### [Your assignment]
Only the lines from the first line of the records through the line containing "by apply: inj_row_free" belong in the answer. Copy them exactly.

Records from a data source
==========

Lemma steering_order_iso :
  closed KB -> generating KB -> max_tensor_cone KA KB W -> injective (omega_hat W) ->
  order_iso (dual_cone KA) KB (omega_hat W).
Proof.
move=> KB_closed KB_gen W_pos W_inj.
have W_free : row_free W.
  by apply: inj_row_free => v vW0; apply: W_inj; rewrite /omega_hat vW0 mul0mx.
split; first by move=> a f g; rewrite /omega_hat mulmxDl scalemxAl.
split.
  exists (mulmx^~ (pinvmx W)); first exact: mulmxKp.
  by move=> y; apply: mulmxKpV; apply: steering_row_full.
move=> f; split => [/steering_onto_cone [g g_dual /W_inj <-] // | f_dual].
by apply: bipolar => // g g_dual; apply: W_pos.
Qed.

End Steering.

Lemma subspace_submx (R : realType) m (U : set 'rV[R]_m) r (M : 'M[R]_(r, m)) v :
  Defs.subspace U -> (forall i, U (row i M)) -> (v <= M)%MS -> U v.
Proof.
move=> [U0 [UD UZ]] UM /submxP [D ->]; rewrite mulmx_sum_row.
by elim/big_ind: _ => // i _; apply: UZ.
Qed.

Lemma mxrank_col_mx_ltn (R : fieldType) m r (M : 'M[R]_(r, m)) (e : 'rV[R]_m) :
  ~~ (e <= M)%MS -> (\rank M < \rank (col_mx M e))%N.
Proof.
move=> eM; have MeM : (M <= col_mx M e)%MS by rewrite -addsmxE addsmxSl.
by rewrite (ltn_leqif (mxrank_leqif_sup MeM)) -addsmxE addsmx_sub submx_refl.
Qed.

Section ExtremeDecomposition.
Variables (R : realType) (m : nat) (K : set 'rV[R]_m).
Hypothesis K_cone : convex_cone K.

Let K0 : K 0 := K_cone.1.
Let KD : forall x y, K x -> K y -> K (x + y) := K_cone.2.1.
Let KZ : forall (c : R) x, 0 <= c -> K x -> K (c *: x) := K_cone.2.2.

(* The span of [Face x]: the [y] with [- s x <= y <= s x] for some [s]. *)
Definition order_ideal (x : 'rV[R]_m) : set 'rV[R]_m :=
  [set y | exists2 s : R, 0 <= s & K (s *: x - y) /\ K (s *: x + y)].

(* [dim (order_ideal x) <= k], phrased through the ranks of row families. *)
Definition ideal_dim_le (k : nat) (x : 'rV[R]_m) :=
  forall r (M : 'M[R]_(r, m)), (forall i, order_ideal x (row i M)) -> (\rank M <= k)%N.

Definition extreme (x : 'rV[R]_m) :=
  K x /\ forall y z, K y -> K z -> x = y + z -> exists c : R, y = c *: x.

Definition extreme_sum (x : 'rV[R]_m) :=
  exists s : seq 'rV[R]_m, {in s, forall v, extreme v} /\ x = \sum_(v <- s) v.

==========

### [Solution for this problem]
Lemma steering_order_iso :
  closed KB -> generating KB -> max_tensor_cone KA KB W -> injective (omega_hat W) ->
  order_iso (dual_cone KA) KB (omega_hat W).
Proof.
move=> KB_closed KB_gen W_pos W_inj.
have W_free : row_free W.
  by apply: inj_row_free => v vW0; apply: W_inj; rewrite /omega_hat vW0 mul0mx.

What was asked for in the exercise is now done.